Causes of Fragile X Syndrome
This syndrome is caused by mutation in the FMR-1 gene which is located in the X chromosome. FMR-1 gene seems to be related to early development and its mutation causes developmental delays. X chromosome is one of two sexual chromosomes in humans. Men have one X chromosome while women have two. In case of gene mutation, there is certain structural change which causes a new characteristic or trait not originally found in the parent gene.

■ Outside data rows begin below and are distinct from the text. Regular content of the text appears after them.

(* Let $A, C, D$ be binary random variables, with $A$ taking values $a,\overline{a}$, $C$ taking values $c,\overline{c}$, $D$ taking values $d,\overline{d}$, and let $Y$ be a real random variable with finite expectation. Suppose the joint distribution factorizes as \[ p(A,C,D,Y)=p(C)\,p(D\mid C)\,p(A\mid C)\,p(Y\mid A,C), \] and that every event $\{A=x, C=y, D=z\}$ has positive probability. Let $p(c)=0.5$ and $p(a\mid c)=p(\overline{a}\mid\overline{c})=p(d\mid c)=p(\overline{d}\mid\overline{c})\ge 0.5$. If \[ E[Y|a,c]-E[Y|a,\overline{c}]\ \ge\ E[Y|\overline{a},\overline{c}]-E[Y|\overline{a},c]\ \ge\ 0, \] then $RD_{crude}\ge RD_{obs}\ge RD_{true}$.
   Context: $RD_{true}=E[Y|a,c]p(c)+E[Y|a,\overline{c}]p(\overline{c})-E[Y|\overline{a},c]p(c)-E[Y|\overline{a},\overline{c}]p(\overline{c})$; $RD_{crude}=E[Y|a]-E[Y|\overline{a}]$; $RD_{obs}=E[Y|a,d]p(d)+E[Y|a,\overline{d}]p(\overline{d})-E[Y|\overline{a},d]p(d)-E[Y|\overline{a},\overline{d}]p(\overline{d})$. *)

From HB Require Import structures.
From mathcomp Require Import all_boot all_order all_algebra.
From mathcomp Require Import all_classical all_reals all_analysis.
Set Implicit Arguments. Unset Strict Implicit. Unset Printing Implicit Defensive.
Import Order.TTheory GRing.Theory Num.Theory.
Local Open Scope classical_set_scope.
Local Open Scope ring_scope.

(* A binary random variable is encoded by a measurable event S:
   the variable takes its "positive" value (a, c, d) on S and its
   "negative" value (a bar, c bar, d bar) on ~` S.  [lit S b] is the
   event {variable = b}. *)
Definition lit (T : Type) (S : set T) (b : bool) : set T :=
  if b then S else ~` S.

Section Defs.
Context (d : measure_display) (T : measurableType d) (R : realType)
  (P : probability T R).

Definition Pr (S : set T) : R := fine (P S).

Definition cPr (S H : set T) : R := Pr (S `&` H) / Pr H.

Definition condE (Y : T -> R) (H : set T) : R :=
  fine (\int[P]_(x in H) (Y x)%:E) / Pr H.

Definition factorizes (A C D : set T) (Y : T -> R) : Prop :=
  forall (x y z : bool) (B : set R), measurable B ->
    Pr (lit A x `&` lit C y `&` lit D z `&` Y @^-1` B) =
      Pr (lit C y) * cPr (lit D z) (lit C y) * cPr (lit A x) (lit C y)
      * cPr (Y @^-1` B) (lit A x `&` lit C y).

Definition RD_true (A C : set T) (Y : T -> R) : R :=
  condE Y (A `&` C) * Pr C + condE Y (A `&` ~` C) * Pr (~` C)
  - condE Y (~` A `&` C) * Pr C - condE Y (~` A `&` ~` C) * Pr (~` C).

Definition RD_crude (A : set T) (Y : T -> R) : R :=
  condE Y A - condE Y (~` A).

Definition RD_obs (A D : set T) (Y : T -> R) : R :=
  condE Y (A `&` D) * Pr D + condE Y (A `&` ~` D) * Pr (~` D)
  - condE Y (~` A `&` D) * Pr D - condE Y (~` A `&` ~` D) * Pr (~` D).

End Defs.

From HB Require Import structures.
From mathcomp Require Import all_boot all_order all_algebra.
From mathcomp Require Import all_classical all_reals all_analysis.
From mathcomp Require Import measurable_realfun.
From mathcomp Require Import lra ring.
Set Implicit Arguments.
Unset Strict Implicit.
Unset Printing Implicit Defensive.
Import Order.TTheory GRing.Theory Num.Theory.
Local Open Scope classical_set_scope.
Local Open Scope ring_scope.

(* Given C, the factorization makes D independent of (A, Y).  Hence inside a
   stratum {A = x, C = y} conditioning further on D does not move the mean of
   Y, and E[Y | A = x, D = z] is the mean of the stratum means E[Y | x, c] and
   E[Y | x, c bar] weighted by p(c) p(z | c) p(x | c).  With p(c) = 1/2 and the
   common value q of p(a | c), p(a bar | c bar), p(d | c), p(d bar | c bar),
   put s = q^2 + (1 - q)^2 and
   X = (E[Y | a, c] - E[Y | a, c bar]) - (E[Y | a bar, c bar] - E[Y | a bar, c]),
   which is nonnegative by assumption; then
     RD_obs - RD_true = (2q - 1) X / 4s  and  RD_crude - RD_obs = (2q - 1)^3 X / 4s. *)

Definition wmean {R : fieldType} (a b wa wb : R) : R := (a * wa + b * wb) / (wa + wb).

Lemma wmean_risk_difference_ordering (R : realFieldType) (q e11 e10 e01 e00 : R) :
  1 / 2 <= q -> q < 1 -> e00 - e01 <= e11 - e10 ->
  let h := 1 / 2 in let q' := 1 - q in
  let rd_true := e11 * h + e10 * h - e01 * h - e00 * h in
  let rd_obs := wmean e11 e10 (h * q * q) (h * q' * q') * h
    + wmean e11 e10 (h * q' * q) (h * q * q') * h
    - wmean e01 e00 (h * q * q') (h * q' * q) * h
    - wmean e01 e00 (h * q' * q') (h * q * q) * h in
  let rd_crude := wmean e11 e10 (h * q) (h * q') - wmean e01 e00 (h * q') (h * q) in
  rd_true <= rd_obs /\ rd_obs <= rd_crude.
Proof.
move=> hq hq1 he h q' rd_true rd_obs rd_crude.
set s := q ^+ 2 + (1 - q) ^+ 2.
have s_gt0 : 0 < s by rewrite /s; nra.
have t_neq0 : q * (1 - q) + (1 - q) * q != 0 by rewrite gt_eqF //; nra.
set X := (e11 - e10) - (e00 - e01).
have obs_true : rd_obs - rd_true = (2 * q - 1) * X / (4 * s).
  rewrite /rd_obs /rd_true /wmean /X /s /h /q'; field.
  by rewrite (gt_eqF s_gt0) t_neq0.
have crude_obs : rd_crude - rd_obs = (2 * q - 1) ^+ 3 * X / (4 * s).
  rewrite /rd_crude /rd_obs /wmean /X /s /h /q'; field.
  by rewrite (gt_eqF s_gt0) t_neq0 ?subrK ?oner_neq0.
have twoq1_ge0 : 0 <= 2 * q - 1 by lra.
have X_ge0 : 0 <= X by rewrite /X; lra.
have s4_ge0 : 0 <= 4 * s by rewrite mulr_ge0 // ltW.
split; rewrite -subr_ge0 ?obs_true ?crude_obs divr_ge0 //.
  exact: mulr_ge0.
by rewrite mulr_ge0 // exprn_ge0.
Qed.

Section integral_scaling.
Context d (T : measurableType d) (R : realType) (P : probability T R)
  (Y : {RV P >-> R}).
Local Open Scope ereal_scope.

Lemma preimage_mul_indic (S : set T) (mS : measurable S) (B : set R) :
  B `<=` ~` [set 0%R] -> (Y * indic_mfun S mS)%R @^-1` B = S `&` Y @^-1` B.
Proof.
move=> B0; apply/seteqP; split => x /=.
  rewrite -[X in B X -> _]/(Y x * \1_S x)%R indicE.
  case: (boolP (x \in S)) => [/set_mem xS|_]; rewrite ?mulr1 ?mulr0.
    by split.
  by move=> /B0 /(_ erefl).
by move=> [/mem_set xS YB]; rewrite -[X in B X]/(Y x * \1_S x)%R indicE xS mulr1.
Qed.

(* Off 0, the preimages under [Y * \1_S] are the events [S `&` Y @^-1` B], so
   the law of [Y * \1_S] on [~` [set 0]] sees exactly the part of P that the
   conditional independence hypotheses below talk about. *)
Lemma ge0_integral_distribution_mul_indic (S : set T) (mS : measurable S)
    (h : R -> R) :
  measurable_fun setT h -> h 0%R = 0%R -> (forall y, 0 <= h y)%R ->
  \int[P]_(x in S) (h (Y x))%:E =
  \int[distribution P (Y * indic_mfun S mS)%R]_(y in ~` [set 0%R]) (h y)%:E.
Proof.
move=> mh h0 h_ge0; set g := (Y * indic_mfun S mS)%R.
have hgE x : (h (g x))%:E = ((fun x => (h (Y x))%:E) \_ S) x.
  rewrite -[g x]/(Y x * \1_S x)%R indicE /patch.
  by case: ifP; rewrite ?mulr1 ?mulr0 ?h0.
have mEh : measurable_fun setT (EFin \o h) by exact/measurable_EFinP.
rewrite integral_mkcond [RHS]integral_mkcond.
transitivity (\int[P]_x ((EFin \o h) \o g) x).
  by apply: eq_integral => x _; rewrite -hgE.
transitivity (\int[distribution P g]_y (h y)%:E).
  rewrite /distribution ge0_integral_pushforward ?preimage_setT //.
  by move=> y _; rewrite lee_fin.
apply: eq_integral => y _; rewrite /patch; case: ifPn => // yN0.
suff -> : y = 0%R by rewrite h0.
by apply: contra_notP (negP yN0) => y0; exact: mem_set.
Qed.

Symptoms of Fragile X Syndrome
The main characteristic of fragile X syndrome is mild to severe mental retardation. Apart from that people suffering from this genetic disorder also have typical physical features such as large ears, large testicles, large jaw and prominent forehead. Furthermore, they suffer from speech delays. Double - jointedness is one more characteristic of fragile X syndrome. The joints are also hyperextensible. There is general hypotonic and in some cases there are heart conditions (mitral prolapse). The face of people suffering from fragile X syndrome is long and narrow, their palate is arched and they may also have dental problems and strabismus. In small children there is evident postponed motor development, hyperactivity and behavioral problems. Children may be tow-walking and suffer from occasional seizures.
Children suffering from fragile X syndrome have poor sensory skills and they are not good at mathematics. On the other hand, their reading skill is good. If there are speech and language problems they are usually in a form of echolalia, perseveration, and poor language content and cluttering. And finally, children may be shy and socially withdrawn.
Treatment for Fragile X Syndrome
Since fragile X syndrome represents genetic disease there is no cure and the damage to the chromosome simply cannot be fixed. The only way to help these children is with speech, occupational and sensory integration training. They may also benefit from special education and behavioral modification programs. In some patients surgery may fix problem of heart valves. Apart from the previously mentioned medicamentous therapy is basically symptomatic and supportive. Folic acid, for example, has been confirmed to improve hyperactivity and attention deficits in pre-adolescent men suffering from fragile X syndrome.